▶ **Dataset**:
(* Consider Algorithm iR2N (described in the context) and suppose (A1), (A2), (A3), (A4), (A6), (A7) hold. Let $\epsilon>0$, $k_\epsilon=\min\{k\in\mathbb{N}\mid \nu_k^{-1}\|\hat s_{k,\mathrm{cp}}\|<\epsilon\}$, $\mathcal{S}(\epsilon)=\{k\in\mathbb{N}\mid\hat\rho_k\ge\hat\eta_1,\ k<k_\epsilon\}$ and $\mathcal{U}(\epsilon)=\{k\in\mathbb{N}\mid\hat\rho_k<\hat\eta_1,\ k<k_\epsilon\}$. Then $$|\mathcal{S}(\epsilon)|+|\mathcal{U}(\epsilon)|\le\big(1+|\log_{\gamma_1}(\gamma_3)|\big)\,\omega_s\,\epsilon^{-2}+\log_{\gamma_1}(\sigma_{\max}/\sigma_0)=O(\epsilon^{-2}),$$ where $\omega_s=\dfrac{(f+h)(x_0)-(f+h)_{\mathrm{low}}}{\tfrac12\eta_1(1-\theta_1)\nu_{\min}}$. In particular $k_\epsilon=|\mathcal{S}(\epsilon)|+|\mathcal{U}(\epsilon)|+1$ is finite.
   Context: Setting. $f:\mathbb{R}^n\to\mathbb{R}$ is continuously differentiable, $h:\mathbb{R}^n\to\mathbb{R}\cup\{+\infty\}$ is proper and lower semicontinuous; the problem is $\min_x f(x)+h(x)$. $\|\cdot\|$ is the Euclidean norm (spectral norm for matrices). For each $x$, approximations $\hat f(x)\in\mathbb{R}$ of $f(x)$ and $\hat\nabla f(x)\in\mathbb{R}^n$ of $\nabla f(x)$ are available. For each $x$, $\psi(\cdot;x):\mathbb{R}^n\to\mathbb{R}\cup\{+\infty\}$ is proper, lsc, satisfies $\psi(0;x)=h(x)$ and $\partial\psi(0;x)\subseteq\partial h(x)$ ($\partial$ = limiting subdifferential), and is uniformly prox-bounded: there is $\lambda>0$ such that for every $x$ and every $0<\lambda'<\lambda$, $w\mapsto\psi(w;x)+\tfrac{1}{2\lambda'}\|w\|^2$ is bounded below. Models: $\varphi_{\mathrm{cp}}(s;x)=\hat f(x)+\hat\nabla f(x)^Ts$; $m_{\mathrm{cp}}(s;x,\nu^{-1})=\varphi_{\mathrm{cp}}(s;x)+\tfrac12\nu^{-1}\|s\|^2+\psi(s;x)$; for a symmetric $B(x)\in\mathbb{R}^{n\times n}$, $\varphi(s;x)=\hat f(x)+\hat\nabla f(x)^Ts+\tfrac12 s^TB(x)s$ and $m(s;x,\sigma)=\varphi(s;x)+\tfrac12\sigma\|s\|^2+\psi(s;x)$. Algorithm iR2N. Constants: $\kappa_f,\kappa_\nabla>0$, $0<\gamma_3\le 1<\gamma_1\le\gamma_2$, $0<\hat\eta_1\le\hat\eta_2<1$, $0<\theta_1<1<\theta_2$, $\sigma_{\min}>4\kappa_f\theta_1\theta_2^2/(\hat\eta_1(1-\theta_1))$, $\sigma_0\ge\sigma_{\min}$, $x_0\in\mathbb{R}^n$. At iteration $k=0,1,\dots$: choose symmetric $B_k=B(x_k)$; set $\nu_k=\theta_1/(\|B_k\|+\sigma_k)$; compute $\hat s_{k,\mathrm{cp}}$ with $m_{\mathrm{cp}}(\hat s_{k,\mathrm{cp}};x_k,\nu_k^{-1})\le m_{\mathrm{cp}}(0;x_k,\nu_k^{-1})$ (an approximate minimizer of $m_{\mathrm{cp}}(\cdot;x_k,\nu_k^{-1})$ obtained by a descent procedure from $s=0$) and set $\hat\xi_{k,\mathrm{cp}}=(\varphi_{\mathrm{cp}}+\psi)(0;x_k)-(\varphi_{\mathrm{cp}}+\psi)(\hat s_{k,\mathrm{cp}};x_k)$; compute $s_k$ with $m(s_k;x_k,\sigma_k)\le m(\hat s_{k,\mathrm{cp}};x_k,\sigma_k)$; if $\|s_k\|>\theta_2\|\hat s_{k,\mathrm{cp}}\|$, reset $s_k=\hat s_{k,\mathrm{cp}}$ (these computations are repeated with refined $\hat f,\hat\nabla f$ until (A6) holds). Compute $$\hat\rho_k=\frac{\hat f(x_k)+h(x_k)-\hat f(x_k+s_k)-h(x_k+s_k)}{\varphi(0;x_k)+\psi(0;x_k)-\varphi(s_k;x_k)-\psi(s_k;x_k)},$$ where $\varphi(\cdot;x_k)$ uses $B_k$. If $\hat\rho_k\ge\hat\eta_1$ (successful) set $x_{k+1}=x_k+s_k$, else $x_{k+1}=x_k$. Choose $\sigma_{k+1}\in[\gamma_3\sigma_k,\sigma_k]$ if $\hat\rho_k\ge\hat\eta_2$ (very successful), $\sigma_{k+1}\in[\sigma_k,\gamma_1\sigma_k]$ if $\hat\eta_1\le\hat\rho_k<\hat\eta_2$, $\sigma_{k+1}\in[\gamma_1\sigma_k,\gamma_2\sigma_k]$ if $\hat\rho_k<\hat\eta_1$; then reset $\sigma_{k+1}=\max(\sigma_{k+1},\sigma_{\min})$. Assumptions. (A1) $|f(x+s)-f(x)-\nabla f(x)^Ts|\le\tfrac12L\|s\|^2$ for all $x,s$, for some $L\ge0$. (A2) $\|B_k\|\le\kappa_B$ for all $k$, for some $\kappa_B>0$. (A3) $|\psi(s;x)-h(x+s)|\le\kappa_h\|s\|^2$ for all $x,s$, for some $\kappa_h>0$. (A4) For all $k$, $\varphi(0;x_k)+\psi(0;x_k)-(\varphi(s_k;x_k)+\psi(s_k;x_k))\ge(1-\theta_1)\hat\xi_{k,\mathrm{cp}}$. (A6) For all $k$: $|f(x_k)-\hat f(x_k)|\le\kappa_f\|s_k\|^2$, $|f(x_k+s_k)-\hat f(x_k+s_k)|\le\kappa_f\|s_k\|^2$, $\|\nabla f(x_k)-\hat\nabla f(x_k)\|\le\kappa_\nabla\|s_k\|$. (A7) There is $(f+h)_{\mathrm{low}}\in\mathbb{R}$ with $(f+h)(x)\ge(f+h)_{\mathrm{low}}$ for all $x$. Constants: $\eta_1=\hat\eta_1-4\kappa_f\theta_1\theta_2^2/((1-\theta_1)\sigma_{\min})$; $\sigma_{\mathrm{succ}}=\max\big(\theta_1\theta_2^2(L+\kappa_B+2\kappa_h+4\kappa_f+2\kappa_\nabla)/((1-\theta_1)(1-\hat\eta_2)),\ \lambda^{-1}\big)$; $\sigma_{\max}=\max(\sigma_0,\gamma_2\sigma_{\mathrm{succ}})$ (an upper bound on all $\sigma_k$); $\nu_{\min}=\theta_1/(\kappa_B+\sigma_{\max})$. *)

From HB Require Import structures.
From mathcomp Require Import all_boot all_order all_algebra.
From mathcomp Require Import all_classical all_reals all_analysis.
Set Implicit Arguments. Unset Strict Implicit. Unset Printing Implicit Defensive.
Import Order.TTheory GRing.Theory Num.Theory.
Local Open Scope ring_scope.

▶ **Exercise prompt**: Among the records above, find the lines that contain "mathcomp" and copy every one.

▶ **Answer area**:
From mathcomp Require Import all_boot all_order all_algebra.
From mathcomp Require Import all_classical all_reals all_analysis.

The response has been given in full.